10/06/2012 05:22 EDT | Updated 12/06/2012 05:12 EST

B.C. Probes Possible E. Coli Case Linked To Beef Recall

A hamburger made from ground beef containing what is derisively referred to as "pink slime," or what the meat industry calls "lean, finely textured beef," right, and one made from pure 85% lean ground beef are ready for tasting Thursday, March 15, 2012 in Concord, N.H. Under a change announced Thursday by the U.S. Department of Agriculture, districts that get food through the government's school lunch program will be allowed to say no to ground beef containing the ammonia-treated filler and choose filler-free meat instead. The low-cost filler is made from fatty meat scraps that are heated to remove most of the fat, then treated with ammonium hydroxide gas to kill bacteria such as E. coli and salmonella. (AP Photo/Jim Cole)
The B.C. Centre for Disease Control is investigating a possible case of E. coli sickness that could be linked to contaminated beef from the XL Foods plant in Brooks, Alta.

Carol Swan with the B.C. CDC says a patient was treated by the Vancouver Island Health Authority.
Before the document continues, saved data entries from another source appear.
Lemma LT_relMx1n (Q : P) (M : 'X_{1..n}) k : kill1 Q != 0 ->
  LT_rel ((Q * 'X_[x1n k])%:F / monoK R M) ((kill1 Q * 'X_[x1n k])%:F / monoK R M).
Proof.
move=> kQ; exists (Q * 'X_[x1n k]), M, k; split=> //.
split; first exact: (deg1_msuppMx1n_eq n_gt0).
split=> [m|]; first exact: deg1_msuppMx1n.
by rewrite (lowest_deg1_partMx1n n_gt0).
Qed.

Lemma LT_rel_x1pow (Q : P) (M : 'X_{1..n}) (a : int) : kill1 Q != 0 ->
  LT_rel (('X_i0 : P)%:F ^ a * (Q%:F / monoK R M))
         (('X_i0 : P)%:F ^ a * ((kill1 Q)%:F / monoK R M)).
Proof.
move=> kQ; case: a => k.
  have x1E : ('X_i0 : P)%:F ^ k = ('X_[x1n k] : P)%:F :> K by rewrite -exprnP -rmorphXn mpolyXn.
  rewrite x1E !mulrA -!rmorphM (mulrC _ Q) (mulrC _ (kill1 Q)); exact: LT_relMx1n.
have x1E : ('X_i0 : P)%:F ^ Negz k = (monoK R (x1n k.+1))^-1 :> K.
  by rewrite NegzE -exprz_inv -exprnP exprVn -rmorphXn mpolyXn.
have reassoc (z : K) : (monoK R (x1n k.+1))^-1 * (z / monoK R M) = z / monoK R (M + x1n k.+1).
  by rewrite monoKD invfM [_^-1 * _^-1]mulrC mulrCA.
rewrite x1E !reassoc; have := LT_relMx1n (M + x1n k.+1) 0 kQ.
by rewrite mulm0n mpolyX0 !mulr1.
Qed.

End LeadingTerm.

Lemma seq_argmin (T : eqType) d (O : orderType d) (f : T -> O) (s : seq T) :
  s != [::] -> exists2 t0, t0 \in s & forall t, t \in s -> (f t0 <= f t)%O.
Proof.
elim: s => // x [|y s] IHs _.
  by exists x => [|t]; rewrite ?mem_seq1 // => /eqP->.
have [t1 t1s min_t1] := IHs isT.
have [le_x|lt_t1] := leP (f x) (f t1).
  exists x => [|t]; rewrite ?mem_head // in_cons => /predU1P[->//|/min_t1].
  exact: le_trans.
exists t1 => [|t]; first by rewrite in_cons t1s orbT.
by rewrite in_cons => /predU1P[->|/min_t1//]; exact: ltW.
Qed.

Section Triangular.
Variables (R : idomainType) (n : nat).
Local Notation P := {mpoly R[n]}.

(* The smallest head hd t0 occurs in no v t with a larger head, so the weights
   of the class of t0 sum to zero; u and v are constant on that class, which
   can therefore be dropped from both sums. *)
Lemma lexmonic_sum_eq0 (T : eqType) (s : seq T) (w : T -> R) (u v : T -> P)
    (hd : T -> 'X_{1..n}) :
  (forall t, t \in s -> lexmonic (v t) (hd t)) ->
  {in s &, forall t t', hd t = hd t' -> u t = u t' /\ v t = v t'} ->
  \sum_(t <- s) w t *: v t = 0 -> \sum_(t <- s) w t *: u t = 0.
Proof.
move=> v_hd hd_det; have [N] := ubnP (size s).
elim: N s v_hd hd_det => // N IHN s v_hd hd_det size_s sv0.
have [->|s_ne] := eqVneq s [::]; first by rewrite big_nil.
have [t0 t0s min_t0] := seq_argmin (fun t => lex (hd t)) s_ne.
pose same t := hd t == hd t0.
have w_same0 : \sum_(t <- s | same t) w t = 0.
  have := congr1 (mcoeff (hd t0)) sv0; rewrite mcoeff0 raddf_sum (bigID same) /=.
  have -> : \sum_(t <- s | ~~ same t) (w t *: v t)@_(hd t0) = 0.
    rewrite big_seq_cond big1 // => t /andP[ts not_same].
    rewrite mcoeffZ; have [t0_v|] := boolP (hd t0 \in msupp (v t)); last first.
      by move/memN_msupp_eq0->; rewrite mulr0.
    have /lex_inj eq_hd : lex (hd t) = lex (hd t0).
      by apply: le_anti; rewrite min_t0 // andbT; exact: (v_hd t ts).1.
    by rewrite /same eq_hd eqxx in not_same.
  rewrite addr0 => sum0; rewrite -[RHS]sum0 big_seq_cond [RHS]big_seq_cond.
  apply: eq_bigr => t /andP[ts /eqP same_t].
  by rewrite mcoeffZ -same_t (v_hd t ts).2 mulr1.
have sum_same0 (g : T -> P) : {in s, forall t, same t -> g t = g t0} ->
    \sum_(t <- s | same t) w t *: g t = 0.
  move=> g_const; rewrite big_seq_cond (eq_bigr (fun t => w t *: g t0)).
    by rewrite -scaler_suml -big_seq_cond w_same0 scale0r.
  by move=> t /andP[ts st]; rewrite g_const.
have u_same t : t \in s -> same t -> u t = u t0 by move=> ts /eqP/(hd_det _ _ ts t0s)[].
have v_same t : t \in s -> same t -> v t = v t0 by move=> ts /eqP/(hd_det _ _ ts t0s)[].
rewrite (bigID same) /= sum_same0 // add0r -big_filter; apply: IHN.
- by move=> t; rewrite mem_filter => /andP[_ /v_hd].
- by move=> t t'; rewrite !mem_filter => /andP[_ ts] /andP[_ t's]; exact: hd_det.
- rewrite size_filter -ltnS; apply: leq_trans _ size_s; rewrite ltnS -(count_predC same s).
  rewrite -{1}[count _ s]add0n ltn_add2r -has_count.
  by apply/hasP; exists t0; rewrite /same.
- by rewrite big_filter; move: sv0; rewrite (bigID same) /= sum_same0 // add0r.
Qed.

End Triangular.

Section StandardMonomials.
Variables (R : idomainType) (n : nat) (F : 'I_n -> {mpoly R[n]}).
Hypothesis n_gt0 : (0 < n)%N.
Local Notation P := {mpoly R[n]}.
Local Notation triple := (R * 'X_{1..n} * 'X_{1..n})%type.
Implicit Types (s : seq triple) (t : triple) (N : 'X_{1..n}).

Lemma stmonE e f : stmon F e f = ('X_[e] * \prod_(i < n) F i ^+ f i)%:F / monoK R f.
Proof.
rewrite /stmon /xprime /xK /xv /monoK.
under eq_bigr => i _ do rewrite expr_div_n -!rmorphXn mulrA -rmorphM.
by rewrite prodf_div -!rmorph_prod big_split /= -!mpolyXE_id.
Qed.

(* A triple t = (r, e, f) stands for the term r x^e x'^f of an Rst expansion;
   stnum N t is the numerator of x^e x'^f over the denominator x^N. *)
Definition stnum N t : P := 'X_[t.1.2] * \prod_(i < n) F i ^+ t.2 i * 'X_[N - t.2].

Definition stdenom s : 'X_{1..n} := (\sum_(t <- s) t.2)%MM.

Lemma le_stdenom s t : t \in s -> (t.2 <= stdenom s)%MM.
Proof.
rewrite /stdenom; elim: s => // t' s IHs; rewrite in_cons big_cons.
by case/predU1P=> [->|/IHs le_t]; [exact: lem_addr | exact: lepm_trans le_t (lem_addl _ _)].
Qed.

Lemma deg1_stdenom s : (forall t, t \in s -> stcond t.1.2 t.2) -> deg1 (stdenom s) = 0%N.
Proof.
move=> s_st; rewrite (deg1E n_gt0) mnm_sumE big_seq big1 // => t ts.
by have [_ [f0 _]] := s_st t ts; rewrite -(deg1E n_gt0).
Qed.

Lemma Rst_common_denom c : Rst F c -> exists2 s, (forall t, t \in s -> stcond t.1.2 t.2) &
  c = (\sum_(t <- s) t.1.1 *: stnum (stdenom s) t)%:F / monoK R (stdenom s).
Proof.
case=> s [s_st ->]; exists s => //.
rewrite rmorph_sum mulr_suml big_seq [RHS]big_seq; apply: eq_bigr => t ts.
rewrite stmonE /stnum -mul_mpolyC !rmorphM /= /monoK.
rewrite -{2}(submK (le_stdenom ts)) mpolyXD rmorphM invfM !mulrA mulfK //.
exact: monoK_neq0.
Qed.

Variable mk : 'I_n -> 'X_{1..n}.
Hypothesis kill1F_lexmonic : forall k, lexmonic (kill1 (F k)) (mk k).
Hypothesis mk_triangular : forall k i : 'I_n, (i <= k)%N -> mk k i = 0%N.

Definition sthead N t : 'X_{1..n} :=
  (t.1.2 + \sum_(i < n) mk i *+ t.2 i + (N - t.2))%MM.

Lemma kill1_stnum_lexmonic N t : stcond t.1.2 t.2 -> deg1 N = 0%N ->
  lexmonic (kill1 (stnum N t)) (sthead N t).
Proof.
case=> e0 [f0 _] N0; have Nf0 : deg1 (N - t.2)%MM = 0%N.
  by rewrite (deg1E n_gt0) mnmBE -(deg1E n_gt0) N0.
rewrite /stnum !rmorphM /= !(kill1X _ n_gt0) e0 Nf0 eqxx rmorph_prod /=.
apply: lexmonicM; last exact: lexmonicX.
apply: lexmonicM; first exact: lexmonicX.
by apply: lexmonic_prod => i; rewrite rmorphXn /=; exact: lexmonicXn.
Qed.

(* As mk k vanishes on the indices <= k, coordinate i of the head only depends
   on e i, f i and the f k with k < i; induct on i, using that e i or f i is 0. *)
Lemma sthead_inj N t t' : stcond t.1.2 t.2 -> stcond t'.1.2 t'.2 ->
  (t.2 <= N)%MM -> (t'.2 <= N)%MM -> sthead N t = sthead N t' ->
  t.1.2 = t'.1.2 /\ t.2 = t'.2.
Proof.
move=> [_ [_ ef0]] [_ [_ ef0']] /mnm_lepP le_f /mnm_lepP le_f' eq_hd.
suff eq_lt j (i : 'I_n) : (i < j)%N -> t.1.2 i = t'.1.2 i /\ t.2 i = t'.2 i.
  by split; apply/mnmP => i; have [] := eq_lt i.+1 i (ltnSn i).
elim: j i => // j IHj i; rewrite ltnS leq_eqVlt => /predU1P[i_j|]; last exact: IHj.
have := congr1 (fun m : 'X_{1..n} => m i) eq_hd; rewrite /sthead !mnmDE !mnmBE !mnm_sumE.
rewrite [X in _ = (_ + X + _)%N](eq_bigr (fun k => (mk k *+ t.2 k)%MM i)) /=.
  by move: (le_f i) (le_f' i) (ef0 i) (ef0' i) => ? ? [->|->] [->|->]; lia.
move=> k _; rewrite !mulmnE.
by have [lt_ki|le_ik] := ltnP k i; [rewrite (IHj k _).2 // -i_j | rewrite mk_triangular].
Qed.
"We are waiting to see if we have a confirmed case of the E. coli related to the beef recall and at this point we do not have a confirmed case," Swan said.

Swan couldn't say how sick the patient is, but says results likely won't come back until Sunday.

Five people in Alberta fell ill last month from E. coli linked to steaks processed at the XL plant in Brooks, Alta. Officials say one case in Newfoundland has also been linked to the recalled meat.

Dozens of meat cuts and stores have been added to the list of recalled meat, which now contains hundreds of products sold at stores across Canada and the United States.